If I understand right, LGBT people are not asking for special rights to forward the "gay agenda" that was so frighteningly presented in your book. I understand that the journey for equal rights is to enjoy the legal protections that others enjoy with regards to housing, jobs, protection from hate crimes, and access to the rights and responsibilities of committing one's life to another person by the laws of civil marriage.

I dont' understand how these protections in any way depend upon the percentage of people who engage in rimming or other specific sexual acts.

As in my last post, I asked in all seriousness, what makes us start with differing worldviews? Now I need to ask, what, if anything, would let you release your focus on sexual acts in this discussion of equal rights and biblical acceptance of homosexuality?

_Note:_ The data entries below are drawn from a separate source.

(* Let $n \ge d \ge 1$ and $K\ge 1$. Let $A_+^1,\ldots,A_+^K$ be $n\times n$ real symmetric positive semi-definite matrices and let $\Lambda^1,\ldots,\Lambda^K\in\Delta_+^d$. Let $U^{\mathrm{old}} \in \mathbb{R}^{n\times d}$ satisfy $(U^{\mathrm{old}})^T U^{\mathrm{old}} = I_d$. Let $M = \sum_{k=1}^K A_+^k U^{\mathrm{old}}\Lambda^k \in \mathbb{R}^{n\times d}$ and let $M = B\Sigma C^T$ be a (thin) singular value decomposition, with $B\in\mathbb{R}^{n\times d}$ having orthonormal columns (left singular vectors), $C\in\mathbb{R}^{d\times d}$ orthogonal (right singular vectors), and $\Sigma$ diagonal with nonnegative entries. Set $U^{\mathrm{new}} \equiv BC^T$. Then $(U^{\mathrm{new}})^TU^{\mathrm{new}} = I_d$ and $$\sum_{k=1}^K \left\| A_+^k - U^{\mathrm{new}}\Lambda^k (U^{\mathrm{new}})^T\right\|_F^2 \le \sum_{k=1}^K \left\| A_+^k - U^{\mathrm{old}}\Lambda^k (U^{\mathrm{old}})^T\right\|_F^2.$$
   Context: $\Delta_+^d$ denotes the set of $d\times d$ real diagonal matrices whose diagonal entries are all nonnegative. $\|\cdot\|_F$ is the Frobenius norm. In the paper, each $A_+^k$ is the positive semi-definite part of a symmetric adjacency matrix $A^k$: if $A^k = VDV^T$ is an eigendecomposition, then $A_+^k = V D_+ V^T$ with $(D_+)_{ii}=\max(D_{ii},0)$. *)

From HB Require Import structures.
From mathcomp Require Import all_boot all_order all_algebra.
Set Implicit Arguments. Unset Strict Implicit. Unset Printing Implicit Defensive.
Import Order.TTheory GRing.Theory Num.Theory.
Local Open Scope ring_scope.

Definition frob2 (R : numDomainType) (m n : nat) (X : 'M[R]_(m, n)) : R :=
  \sum_(i < m) \sum_(j < n) X i j ^+ 2.

Definition psd_mx (R : numDomainType) (n : nat) (A : 'M[R]_n) : Prop :=
  A^T = A /\ forall x : 'cV[R]_n, 0 <= (x^T *m A *m x) 0 0.

Definition diag_nonneg (R : numDomainType) (d : nat) (L : 'M[R]_d) : Prop :=
  is_diag_mx L /\ forall i : 'I_d, 0 <= L i i.

(** The rotation step decreases the objective because, for orthonormal U,
    [sum_k ||A_k - U L_k U^T||_F^2] equals a constant minus
    [2 g(U)] with [g(U) = sum_k tr(U^T A_k U L_k)].  Each term of [g] is a
    positive semi-definite quadratic form in [U], so [g] is convex and lies
    above its tangent at [Uold], whose slope is [2 M].  Hence
    [g(Unew) >= g(Uold) + 2 tr((Unew - Uold)^T M)], and the last trace is
    nonnegative because [Unew = B C^T] solves the orthogonal Procrustes
    problem [max tr(U^T M)]: [tr(Unew^T M) = tr Sigma], whereas
    [tr(U^T M) = sum_i ((U C)^T B)_ii Sigma_ii <= tr Sigma] by Cauchy-Schwarz
    on unit columns. *)

From HB Require Import structures.
From mathcomp Require Import all_boot all_order all_algebra.
From mathcomp Require Import ring lra.
Import Order.TTheory GRing.Theory Num.Theory.
Local Open Scope ring_scope.
Set Implicit Arguments.

Section FrobeniusTrace.
Variable R : realFieldType.

Lemma diag_mx_tr d (L : 'M[R]_d) : is_diag_mx L -> L^T = L.
Proof. by case/diag_mxP=> e ->; rewrite tr_diag_mx. Qed.

Lemma mxtrace_mul_diag d (X L : 'M[R]_d) :
  is_diag_mx L -> \tr (X *m L) = \sum_i X i i * L i i.
Proof.
case/diag_mxP=> e ->; rewrite mul_mx_diag /mxtrace.
by apply: eq_bigr => i _; rewrite !mxE eqxx mulr1n.
Qed.

Lemma frob2_mxtrace m n (X : 'M[R]_(m, n)) : frob2 X = \tr (X^T *m X).
Proof.
rewrite /frob2 /mxtrace exchange_big; apply: eq_bigr => j _.
by rewrite mxE; apply: eq_bigr => i _; rewrite mxE expr2.
Qed.

Lemma orthonormal_mulmx n d p (U : 'M[R]_(n, d)) (Q : 'M[R]_(d, p)) :
  U^T *m U = 1%:M -> Q^T *m Q = 1%:M -> (U *m Q)^T *m (U *m Q) = 1%:M.
Proof.
by move=> HU HQ; rewrite trmx_mul mulmxA -(mulmxA Q^T) HU mulmx1 HQ.
Qed.

Lemma frob2_sub_orthonormal_conj n d (A : 'M[R]_n) (U : 'M[R]_(n, d))
    (L : 'M[R]_d) :
  A^T = A -> L^T = L -> U^T *m U = 1%:M ->
  frob2 (A - U *m L *m U^T)
    = \tr (A *m A) - 2 * \tr (U^T *m A *m U *m L) + \tr (L *m L).
Proof.
move=> HA HL HU; rewrite frob2_mxtrace.
have HP : (U *m L *m U^T)^T = U *m L *m U^T.
  by rewrite !trmx_mul trmxK HL mulmxA.
rewrite [(_ - _)^T]linearB /= HA HP mulmxBl !mulmxBr !linearB /=.
have cross1 : \tr (A *m (U *m L *m U^T)) = \tr (U^T *m A *m U *m L).
  by rewrite !mulmxA [LHS]mxtrace_mulC !mulmxA.
have cross2 : \tr (U *m L *m U^T *m A) = \tr (U^T *m A *m U *m L).
  by rewrite mxtrace_mulC cross1.
have square : \tr (U *m L *m U^T *m (U *m L *m U^T)) = \tr (L *m L).
  rewrite mxtrace_mulC !mulmxA -(mulmxA _ U^T U) HU mulmx1.
  by rewrite [LHS]mxtrace_mulC !mulmxA HU mul1mx.
rewrite cross1 cross2 square; ring.
Qed.

End FrobeniusTrace.

Section Convexity.
Variables (R : realFieldType) (n d : nat) (A : 'M[R]_n) (L : 'M[R]_d).
Hypotheses (psdA : psd_mx A) (nnegL : diag_nonneg L).

Lemma psd_mx_conj_diag_ge0 (D : 'M[R]_(n, d)) i : 0 <= (D^T *m A *m D) i i.
Proof.
have := psdA.2 (col i D).
suff -> : ((col i D)^T *m A *m col i D) 0 0 = (D^T *m A *m D) i i by [].
rewrite !mxE; apply: eq_bigr => k _; rewrite !mxE; congr (_ * _).
by apply: eq_bigr => j _; rewrite !mxE.
Qed.

Lemma mxtrace_conj_tangent_le (U V : 'M[R]_(n, d)) :
  \tr (U^T *m A *m U *m L) + 2 * \tr ((V - U)^T *m (A *m U *m L))
    <= \tr (V^T *m A *m V *m L).
Proof.
set D := V - U; have -> : V = U + D by rewrite /D addrC subrK.
clearbody D.
rewrite [(_ + _)^T]linearD /= !(mulmxDl, mulmxDr, mxtraceD).
have cross1 : \tr (U^T *m A *m D *m L) = \tr (D^T *m (A *m U *m L)).
  rewrite -mxtrace_tr !trmx_mul trmxK diag_mx_tr ?nnegL.1 // psdA.1.
  by rewrite [LHS]mxtrace_mulC !mulmxA.
have cross2 : \tr (D^T *m A *m U *m L) = \tr (D^T *m (A *m U *m L)).
  by rewrite !mulmxA.
have gap : 0 <= \tr (D^T *m A *m D *m L).
  rewrite mxtrace_mul_diag ?nnegL.1 //; apply: sumr_ge0 => i _.
  exact: mulr_ge0 (psd_mx_conj_diag_ge0 D i) (nnegL.2 i).
rewrite cross1 cross2; lra.
Qed.

End Convexity.

Section Procrustes.
Variables (R : realFieldType) (n d : nat).

Lemma orthonormal_cross_diag_le1 (W B : 'M[R]_(n, d)) i :
  W^T *m W = 1%:M -> B^T *m B = 1%:M -> (W^T *m B) i i <= 1.
Proof.
have colE (X Y : 'M[R]_(n, d)) : (X^T *m Y) i i = \sum_j X j i * Y j i.
  by rewrite mxE; apply: eq_bigr => j _; rewrite mxE.
have unit_col (X : 'M[R]_(n, d)) : X^T *m X = 1%:M -> (X^T *m X) i i = 1.
  by move->; rewrite mxE eqxx.
move=> HW HB.
have : 0 <= \sum_j (W j i - B j i) ^+ 2 by apply: sumr_ge0 => j _; exact: sqr_ge0.
have -> : \sum_j (W j i - B j i) ^+ 2
    = (W^T *m W) i i + (B^T *m B) i i - 2 * (W^T *m B) i i.
  rewrite !colE mulr_sumr -big_split -sumrB.
  by apply: eq_bigr => j _; rewrite /=; ring.
rewrite !unit_col //; lra.
Qed.

Lemma procrustes_mxtrace_le (U B : 'M[R]_(n, d)) (S C : 'M[R]_d) :
  U^T *m U = 1%:M -> B^T *m B = 1%:M -> C^T *m C = 1%:M -> diag_nonneg S ->
  \tr (U^T *m (B *m S *m C^T)) <= \tr ((B *m C^T)^T *m (B *m S *m C^T)).
Proof.
move=> HU HB HC [HS HS0].
have -> : \tr ((B *m C^T)^T *m (B *m S *m C^T)) = \tr S.
  rewrite trmx_mul trmxK !mulmxA -(mulmxA C B^T B) HB mulmx1.
  by rewrite [LHS]mxtrace_mulC mulmxA HC mul1mx.
have -> : \tr (U^T *m (B *m S *m C^T)) = \sum_i ((U *m C)^T *m B) i i * S i i.
  by rewrite !mulmxA [LHS]mxtrace_mulC !mulmxA mxtrace_mul_diag // trmx_mul.
rewrite /mxtrace; apply: ler_sum => i _.
have := orthonormal_cross_diag_le1 i (orthonormal_mulmx HU HC) HB.
have := HS0 i; nra.
Qed.

End Procrustes.

Theorem proposition2 (R : realFieldType) (n d K : nat)
  (hd : (1 <= d)%N) (hnd : (d <= n)%N) (hK : (1 <= K)%N)
  (A : 'I_K -> 'M[R]_n) (Lam : 'I_K -> 'M[R]_d)
  (Uold : 'M[R]_(n, d)) (B : 'M[R]_(n, d)) (Sig C : 'M[R]_d) :
  (forall k, psd_mx (A k)) ->
  (forall k, diag_nonneg (Lam k)) ->
  Uold^T *m Uold = 1%:M ->
  B^T *m B = 1%:M ->
  C^T *m C = 1%:M ->
  C *m C^T = 1%:M ->
  diag_nonneg Sig ->
  \sum_(k < K) A k *m Uold *m Lam k = B *m Sig *m C^T ->
  let Unew := B *m C^T in
  Unew^T *m Unew = 1%:M /\
  \sum_(k < K) frob2 (A k - Unew *m Lam k *m Unew^T)
    <= \sum_(k < K) frob2 (A k - Uold *m Lam k *m Uold^T).
Proof.
move=> HA HL HUold HB HC HC' HSig HM Unew.
have HUnew : Unew^T *m Unew = 1%:M by apply: orthonormal_mulmx; rewrite ?trmxK.
split=> //.
have expand U : U^T *m U = 1%:M ->
    \sum_(k < K) frob2 (A k - U *m Lam k *m U^T)
    = \sum_k \tr (A k *m A k) - 2 * \sum_k \tr (U^T *m A k *m U *m Lam k)
      + \sum_k \tr (Lam k *m Lam k).
  move=> HU; rewrite mulr_sumr -sumrB -big_split /=.
  apply: eq_bigr => k _; rewrite frob2_sub_orthonormal_conj ?(HA k).1 //.
  exact/diag_mx_tr/(HL k).1.
rewrite expand // [leRHS]expand //.
have tangent : \sum_k \tr (Uold^T *m A k *m Uold *m Lam k)
      + 2 * \tr ((Unew - Uold)^T *m (B *m Sig *m C^T))
    <= \sum_k \tr (Unew^T *m A k *m Unew *m Lam k).
  rewrite -HM mulmx_sumr raddf_sum mulr_sumr -big_split /=.
  by apply: ler_sum => k _; exact: mxtrace_conj_tangent_le.
have procrustes := procrustes_mxtrace_le HUold HB HC HSig.
rewrite [(_ - _)^T]linearB /= mulmxBl linearB /= in tangent; lra.
Qed.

If you focusing on sexual acts really is important for us, then I need to ask whether we should change access to marriage for all heterosexuals because of high societal rates of the acts of infidelity, divorce, rape, child abuse, and incest?

The best way I can understand you accepting heterosexual marriage in light of these statistics, and forbidding homosexual marriage because of their statistics is because of a prior interpretation that the Bible blesses heterosexual married relationships and calls homosexuality a sin.

If that is the case, then it seems fitting that we let this peripheral discussion of science rest, and move to the core issues of why we choose to affirm heterosexual relationships and sex, and why we label homosexual sex as sin and we forbid the formal and legal blessing of these relationships.

Blessings, Dave, and thanks for continuing to do this work together.